Experimental program
Comparison scheme
Effect test

Embodiment 1

[0036] The construction of embodiment 1 recombinant phage

[0037] (1) Extraction of phage vector fADL-le

[0038] The commercialized phage vector fADL-le (purchased from Antibody Design laboratories, Catalog number: PD020) of the plasmid was extracted using the plasmid mini-extraction kit of Axygen, and the specific steps were as follows:

[0039] 1) Take 6ml of the bacterial liquid JM109 cultured overnight in LB medium (preserved in our laboratory, which contains the carrier fADL-le), centrifuge at 12000×g for 1min, and discard the supernatant;

[0040] 2) Add 250μl Buffer S1 to suspend the bacterial pellet, the suspension should be even, and no small bacterial lumps should be left;

[0041] 3) Add 250μl Buffer S2, gently and fully turn up and down 4-6 times, mix evenly, so that the bacteria are fully lysed until a clear solution is formed;

[0042] 4) Add 350μl Buffer S3, gently and fully turn up and down 6-8 times, centrifuge at 12000×g for 10min;

[0043] 5) Aspirate t...

Embodiment 2

[0089] Example 2 Preparation of phage displaying recombinant protein G3P20-31

[0090] 1) Inoculate 200 μl sequenced correct JM109 into 100 ml LB liquid medium (100 μg / ml Kar + ) in a test tube, shake vigorously at 37°C for 10 hours;

[0091] 2) 8000rpm, 10min, 4°C, keep the supernatant;

[0092] 4) Add 1 / 6 volume of PEG / NaCl solution, vortex, 4°C overnight;

[0093] 5) Centrifuge at 12000rpm for 15min, and dissolve the phage pellet with 1ml TBS;

[0094] 6) Transfer the solution to a 1.5ml EP tube, centrifuge at 14000rpm for 1min, carefully transfer the supernatant to a 1.5ml EP tube, add 150μl PEG / NaCl to each EP tube, mix well and overnight at 4°C;

[0095] 7) Centrifuge at 14,000 rpm for 15 minutes, dissolve the phage pellet with 100 μl TBS, and store in a refrigerator at 4°C.

Embodiment 3

[0096] Embodiment 3Western-blot analysis shows recombinant protein G3P20-31 phage

[0097] In order to verify that the N-terminal 20-31 polypeptide of the P53 protein is fused with PIII and successfully displayed on the surface of the phage, the prepared phage were hybridized with the anti-PIII monoclonal antibody and the serum of a tumor patient with positive P53 antibody.
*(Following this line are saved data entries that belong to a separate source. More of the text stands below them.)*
(* Let $n\ge 2$ and $\alpha=\pi/4$. For all $u,v\in\mathrm{Sym}(n)$, if $u<_B v$ then $\mathrm{B}^{\pi/4}_n(u)\prec \mathrm{B}^{\pi/4}_n(v)$.
   Context: $\mathrm{Sym}(n)$ is the group of permutations of $\{1,\dots,n\}$, written on the right: $(i)w$ is the image of $i$ under $w$, and $uv$ means ''first $u$, then $v$''. It is a Coxeter group with generators $s_i=(i,i+1)$, length function $\ell$, and set of reflections $T$ = all transpositions. The Bruhat order $<_B$ is the transitive closure of the relation $w<_B wt$ for $t\in T$ with $\ell(wt)=\ell(w)+1$. Borders: fix $n\ge2$ and $\alpha\in(0,\pi/2)$. For $k=1,\dots,n$ let $\theta_k=\frac{(k-1)(\pi-2\alpha)}{n-1}+\alpha$ and $\beta^k_n=(-\cos\theta_k,\ \sin\theta_k)\in\mathbb{R}^2$. For $w\in\mathrm{Sym}(n)$ and $i=0,\dots,n$ put $p_i(w)=\sum_{j=1}^{i}\beta_n^{(j)w^{-1}}$ (so $p_0(w)=0$). The border $\mathrm{B}^\alpha_n(w)$ is the polygonal path $\bigcup_{i=1}^n[p_{i-1}(w),p_i(w)]$ (its $i$-th edge being the segment $[p_{i-1}(w),p_i(w)]$). Since every $\beta^k_n$ has positive $y$-coordinate, the $y$-coordinate is strictly increasing along the path from $0$ to $h^\alpha_n=\sum_{k=1}^n\sin\theta_k$, so for each $y\in[0,h^\alpha_n]$ there is a unique point of $\mathrm{B}^\alpha_n(w)$ with $y$-coordinate $y$; denote its $x$-coordinate by $\mathrm{H}(\mathrm{B}^\alpha_n(w),y)$. For $u,v\in\mathrm{Sym}(n)$ we write $\mathrm{B}^\alpha_n(u)\prec\mathrm{B}^\alpha_n(v)$ (''precedes'') if $\mathrm{H}(\mathrm{B}^\alpha_n(u),y)\le \mathrm{H}(\mathrm{B}^\alpha_n(v),y)$ for all $0\le y\le h^\alpha_n$. *)

From HB Require Import structures.
From mathcomp Require Import all_boot all_order all_algebra all_fingroup.
From mathcomp Require Import all_classical all_reals all_analysis.
From Stdlib Require Import Relations.
Set Implicit Arguments. Unset Strict Implicit. Unset Printing Implicit Defensive.
Import Order.TTheory GRing.Theory Num.Theory.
The specific steps are as follows:

[0098] 1) After SDS-PAGE, cut off the separating gel and place it in transfer buffer;

[0099] 2) Cut the PVDF membrane and filter paper according to the size of the glue, soak the filter paper in the transfer buffer solution, soak the PVDF membrane in methanol for 1 min and then place it in the transfer buffer solution;

[0100] 3) 80V constant voltage power transfer for 2h;

[0101] 4) After ponceau staining, cut the membrane into thin strips to separate the proteins on the membrane from each other;

[0102] 5) Put the membrane into the blocking solution to seal for ...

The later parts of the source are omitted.